How can I extract a predetermined range of lines from a text file on Unix?

问题

I have a ~23000 line SQL dump containing several databases worth of data. I need to extract a certain section of this file (i.e. the data for a single database) and place it in a new file. I know both the start and end line numbers of the data that I want.

Does anyone know a Unix command (or series of commands) to extract all lines from a file between say line 16224 and 16482 and then redirect them into a new file?

回答1:

sed -n '16224,16482p;16483q' filename > newfile

From the sed manual:

p - Print out the pattern space (to the standard output).

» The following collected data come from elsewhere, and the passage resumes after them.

(* Let $\Phi$ be a channel matrix whose rows $P^1,\dots,P^4\in\Delta^n$ are in general position, let $Q^0$ be the equidistant point from $P^1,\dots,P^4$ with barycentric coordinate $\boldsymbol\lambda^0$, and suppose $\lambda^0_1<0$, $\lambda^0_2<0$, $\lambda^0_3\ge0$, $\lambda^0_4\ge0$. Let $Q^{1(1)}=\pi(Q^0|L(P^2,P^3,P^4))$ and $Q^{1(2)}=\pi(Q^0|L(P^1,P^3,P^4))$ with barycentric coordinates $\boldsymbol\lambda^{1(1)},\boldsymbol\lambda^{1(2)}$ about $P^1,\dots,P^4$, and suppose $\lambda^{1(2)}_1<0$. Suppose further $\lambda^{1(1)}_2<0$, $\lambda^{1(1)}_3\ge0$, $\lambda^{1(1)}_4\ge0$, and let $Q^2=\pi(Q^{1(1)}|L(P^3,P^4))$. Then the output distribution achieving the channel capacity is $Q^\ast=Q^2$ and the channel capacity is $C=D(P^3\|Q^2)$.
   Context: $\Delta^n=\{Q:Q_j>0,\sum_jQ_j=1\}$, $\bar\Delta^m=\{\boldsymbol\lambda:\lambda_i\ge0,\sum_i\lambda_i=1\}$; $D(Q\|Q')=\sum_jQ_j\log(Q_j/Q'_j)$. Rows are in general position if $P^2-P^1,\dots,P^m-P^1$ are linearly independent. $L(S^1,\dots,S^r)=\{\sum_i\lambda_iS^i:\sum_i\lambda_i=1\}\cap\Delta^n$; for such an affine subspace $L$, $\pi(Q'|L)$ is the unique $Q\in L$ minimizing $D(Q\|Q')$. The barycentric coordinate of $Q\in L(P^1,\dots,P^m)$ is the unique $\boldsymbol\lambda$ with $\sum_i\lambda_i=1$, $Q=\sum_i\lambda_iP^i$. The equidistant point is the unique $Q^0\in L(P^1,\dots,P^m)$ with all $D(P^i\|Q^0)$ equal. Mutual information $I(\boldsymbol\lambda,\Phi)=\sum_{i,j}\lambda_iP^i_j\log(P^i_j/Q_j)$ with $Q=\boldsymbol\lambda\Phi$; capacity $C=\max_{\boldsymbol\lambda\in\bar\Delta^m}I(\boldsymbol\lambda,\Phi)$; the capacity-achieving output distribution is $Q^\ast=\boldsymbol\lambda^\ast\Phi$ for a maximizer $\boldsymbol\lambda^\ast$ (unique). *)

From HB Require Import structures.
From mathcomp Require Import all_boot all_order all_algebra.
From mathcomp Require Import all_classical all_reals all_analysis.
Set Implicit Arguments. Unset Strict Implicit. Unset Printing Implicit Defensive.
Import Order.TTheory GRing.Theory Num.Theory.
Local Open Scope ring_scope.

Section Defs.
Variable R : realType.

Definition in_simplex (n : nat) (Q : 'I_n -> R) : Prop :=
  (forall j, 0 < Q j) /\ \sum_(j < n) Q j = 1.

Definition in_csimplex (m : nat) (lam : 'I_m -> R) : Prop :=
  (forall i, 0 <= lam i) /\ \sum_(i < m) lam i = 1.

Definition KL (n : nat) (Q Q' : 'I_n -> R) : R :=
  \sum_(j < n) Q j * ln (Q j / Q' j).

(* lam Phi : the combination sum_i lam_i P^i, rows P i of Phi *)
Definition comb (m n : nat) (P : 'I_m -> 'I_n -> R) (lam : 'I_m -> R) : 'I_n -> R :=
  fun j => \sum_(i < m) lam i * P i j.

Definition general_position (m n : nat) (P : 'I_m.+1 -> 'I_n -> R) : Prop :=
  forall c : 'I_m.+1 -> R,
    (forall j, \sum_(i < m.+1 | i != ord0) c i * (P i j - P ord0 j) = 0) ->
    forall i, i != ord0 -> c i = 0.

Definition in_L (m n : nat) (P : 'I_m -> 'I_n -> R) (S : {set 'I_m})
    (Q : 'I_n -> R) : Prop :=
  (exists lam : 'I_m -> R,
     (forall i, i \notin S -> lam i = 0) /\ \sum_(i < m) lam i = 1 /\
     Q = comb P lam) /\ in_simplex Q.

Definition is_proj (m n : nat) (P : 'I_m -> 'I_n -> R) (S : {set 'I_m})
    (Q' Q : 'I_n -> R) : Prop :=
  in_L P S Q /\ forall Q'', in_L P S Q'' -> KL Q Q' <= KL Q'' Q'.

Definition barycentric (m n : nat) (P : 'I_m -> 'I_n -> R) (Q : 'I_n -> R)
    (lam : 'I_m -> R) : Prop :=
  \sum_(i < m) lam i = 1 /\ Q = comb P lam.

Definition equidistant (m n : nat) (P : 'I_m -> 'I_n -> R) (Q0 : 'I_n -> R) : Prop :=
  in_L P [set: 'I_m] Q0 /\ forall i i', KL (P i) Q0 = KL (P i') Q0.

Definition mutual_info (m n : nat) (P : 'I_m -> 'I_n -> R) (lam : 'I_m -> R) : R :=
  \sum_(i < m) \sum_(j < n) lam i * P i j * ln (P i j / comb P lam j).

Definition is_capacity (m n : nat) (P : 'I_m -> 'I_n -> R) (C : R) : Prop :=
  (exists lam, in_csimplex lam /\ mutual_info P lam = C) /\
  forall lam, in_csimplex lam -> mutual_info P lam <= C.

Definition capacity_output (m n : nat) (P : 'I_m -> 'I_n -> R) (Q : 'I_n -> R) : Prop :=
  (exists lam, in_csimplex lam /\
     (forall mu, in_csimplex mu -> mutual_info P mu <= mutual_info P lam) /\
     comb P lam = Q) /\
  forall lam, in_csimplex lam ->
     (forall mu, in_csimplex mu -> mutual_info P mu <= mutual_info P lam) ->
     comb P lam = Q.

End Defs.

Definition r1 : 'I_4 := @Ordinal 4 0 isT.
Definition r2 : 'I_4 := @Ordinal 4 1 isT.
Definition r3 : 'I_4 := @Ordinal 4 2 isT.
Definition r4 : 'I_4 := @Ordinal 4 3 isT.

From HB Require Import structures.
From mathcomp Require Import all_boot all_order all_algebra.
From mathcomp Require Import all_classical all_reals all_analysis.
From mathcomp Require Import ring lra.
Set Implicit Arguments. Unset Strict Implicit. Unset Printing Implicit Defensive.
Import Order.TTheory GRing.Theory Num.Theory.
Local Open Scope ring_scope.

(* Divergences from the rows behave like squared distances.  The projection
   Q = pi(Q'|L) satisfies a Pythagorean rule: D(P^i||Q') - D(P^i||Q) does not
   depend on the row P^i spanning L, so projecting the equidistant point Q^0
   keeps Q^{1(1)}, Q^{1(2)} and Q^2 equidistant from their rows.  The identity
     sum_i (lam_i - mu_i) (D(P^i||Y) - D(P^i||X)) = D(X||Y) + D(Y||X)
   for X = lam Phi, Y = mu Phi then shows that a row with a negative
   coordinate in X = Q^{1(k)} is no farther from Q^2 than P^3 and P^4, and
   that Q^2 lies on the segment [P^3, P^4].  So Q^2 satisfies the Kuhn-Tucker
   conditions D(P^i||Q^2) <= C with equality on the support, and these
   characterize capacity because I(lam) + D(lam Phi||Q) = sum_i lam_i D(P^i||Q). *)

Section Divergence.
Variable R : realType.

Lemma ln_le_subr1 (x : R) : 0 < x -> ln x <= x - 1.
Proof.
by move=> x0; have := expR_ge1Dx (ln x); rewrite lnK ?posrE // lerBrDl.
Qed.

This command is usually only used in conjunction with the -n command-line option.

n - If auto-print is not disabled, print the pattern space, then, regardless, replace the pattern space with the next line of input. If there is no more input then sed exits without processing any more commands.

q - Exit sed without processing any more commands or input. Note that the current pattern space is printed if auto-print is not disabled with the -n option.

and

Addresses in a sed script can be in any of the following forms:

number Specifying a line number will match only that line in the input.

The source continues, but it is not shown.